#### Exercise goal:
Write out exactly the lines from the one containing "move=> Ws u; set G := fun t => _." through the last line of the records below, including both.

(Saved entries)
Section Consequences.
Variables (F : fieldType) (A : algType F).
Implicit Types (G : term A -> Prop) (t : term A).

Definition denotes t (E : forall R : algType F, (A -> R) -> (R -> R) -> (nat -> R) -> R) :=
  forall (R : algType F) (phi : A -> R) (tr : R -> R), is_trace_alg phi tr ->
  forall x, eval phi tr x t = E R phi tr x.

Lemma consequence_sum G (I : eqType) (r : seq I)
    (E : I -> forall R : algType F, (A -> R) -> (R -> R) -> (nat -> R) -> R) :
  consequence G (tzero A) ->
  (forall i, i \in r -> exists2 t, consequence G t & denotes t (E i)) ->
  exists2 t, consequence G t &
    denotes t (fun R phi tr x => \sum_(i <- r) E i R phi tr x).
Proof.
move=> G0; elim: r => [|i r IH] Er.
  by exists (tzero A) => // R phi tr HR x; rewrite big_nil /= scale0r.
have [t1 c1 d1] := Er i (mem_head i r).
have [|t2 c2 d2] := IH; first by move=> j jr; apply: Er; rewrite in_cons jr orbT.
by exists (TAdd t1 t2); [apply: cq_add | move=> R phi tr HR x; rewrite big_cons /= d1 // d2].
Qed.

Lemma consequence_identity G (R : algType F) (phi : A -> R) (tr : R -> R) t :
  is_trace_alg phi tr -> (forall t', G t' -> is_identity phi tr t') ->
  consequence G t -> is_identity phi tr t.
Proof.
move=> HR HG.
elim=> {t} [t /HG //|sb t _ IH|t1 t2 _ IH1 _ IH2|c t _ IH|p t _ _ IH|t t' _ IH E] x /=.
- by rewrite eval_subst IH.
- by rewrite IH1 IH2 addr0.
- by rewrite IH scaler0.
- by rewrite IH mulr0.
- by rewrite -(E _ _ _ HR) IH.
Qed.

Lemma consequence_trw_cat G k (u v : wel A k) :
  consequence G (trw u) -> consequence G (trw v) -> consequence G (trw (u ++ v)).
Proof.
move=> cu cv; apply: cq_equiv (cq_add cu cv) _ => R phi tr HR x.
by rewrite /= !eval_trw /eval_wel big_cat.
Qed.

Variables (k : nat) (W : wel A k -> Prop).
Local Notation G := (fun t => exists2 w, W w & t = trw w).

Lemma consequence_trw_sandwich n (v v' : wel A (k + n)) (w : wel A k) :
  (forall theta, W (wel_mul w [:: (1, wperm A theta)])) -> consequence G (tzero A) ->
  consequence G (trw (wel_mul (wel_mul v (wel_emb n w)) v')).
Proof.
move=> Wperm G0.
suff [t ct dt] : exists2 t, consequence G t & denotes t (fun R phi tr x =>
    \sum_(c <- v) \sum_(d <- v') \sum_(e <- w) (c.1 * e.1 * d.1) *:
      eval phi tr x (trmon (wmon_mul (wmon_mul c.2 (wmon_emb n e.2)) d.2))).
  apply: cq_equiv ct _ => R phi tr HR x; rewrite dt // eval_trw eval_wel_mul.
  rewrite big_allpairs_dep; apply: eq_bigr => c _; rewrite big_map exchange_big.
  by apply: eq_bigr => d _; apply: eq_bigr => e _.
apply: consequence_sum => // c _; apply: consequence_sum => // d _.
have [p [zs [th [pp Hp]]]] := trmon_sandwich c.2 d.2.
exists (TScale (c.1 * d.1) (TMul p (subst zs (trw (wel_mul w [:: (1, wperm A th)]))))).
  apply/cq_scale/cq_mul => //; apply/cq_subst/cq_gen.
  by exists (wel_mul w [:: (1, wperm A th)]); first exact: Wperm.
move=> R phi tr HR x /=; rewrite eval_subst eval_trw eval_wel_mul mulr_sumr scaler_sumr.
apply: eq_bigr => e _; rewrite big_cons big_nil addr0 /= mulr1 Hp // eval_subst.
by rewrite -scalerAr scalerA mulrAC.
Qed.

End Consequences.

Theorem lemma5p7 (F : fieldType) (A : algType F)
  (charF0 : [pchar F] =i pred0) (ssA : semisimple_alg A)
  (R : algType F) (phi : A -> R) (tr : R -> R) (HR : is_trace_alg phi tr)
  (k : nat)
  (Wk := fun w : wel A k => is_identity phi tr (trw w))
  (Wk_ideal : forall v w : wel A k, Wk w -> Wk (wel_mul v w) /\ Wk (wel_mul w v))
  (n : nat) (s : seq (wel A (k + n) * wel A k * wel A (k + n))) :
  (forall x, x \in s -> Wk x.1.2) ->
  let u := flatten [seq wel_mul (wel_mul x.1.1 (wel_emb n x.1.2)) x.2 | x <- s] in
  consequence (fun t => exists2 w, Wk w & t = trw w) (trw u)
  /\ is_identity phi tr (trw u).
Proof.
move=> Ws u; set G := fun t => _.
have G0 : consequence G (tzero A) by apply: cq_gen; exists [::] => // x; rewrite /= scale0r.
have cu : consequence G (trw u).
  rewrite /u {u}; elim: s Ws => [|y s IH] Ws //=.
  apply: consequence_trw_cat; last by apply: IH => z zs; apply: Ws; rewrite in_cons zs orbT.
  have Wy th : Wk (wel_mul y.1.2 [:: (1, wperm A th)]).
    exact: (Wk_ideal _ _ (Ws y (mem_head y s))).2.
  exact: consequence_trw_sandwich Wy G0.
split=> //; apply: consequence_identity HR _ cu => _ [w Ww ->]; exact: Ww.
Qed.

#### Exercise result:
move=> Ws u; set G := fun t => _.
have G0 : consequence G (tzero A) by apply: cq_gen; exists [::] => // x; rewrite /= scale0r.
have cu : consequence G (trw u).
  rewrite /u {u}; elim: s Ws => [|y s IH] Ws //=.
  apply: consequence_trw_cat; last by apply: IH => z zs; apply: Ws; rewrite in_cons zs orbT.
  have Wy th : Wk (wel_mul y.1.2 [:: (1, wperm A th)]).
    exact: (Wk_ideal _ _ (Ws y (mem_head y s))).2.
  exact: consequence_trw_sandwich Wy G0.
split=> //; apply: consequence_identity HR _ cu => _ [w Ww ->]; exact: Ww.
Qed.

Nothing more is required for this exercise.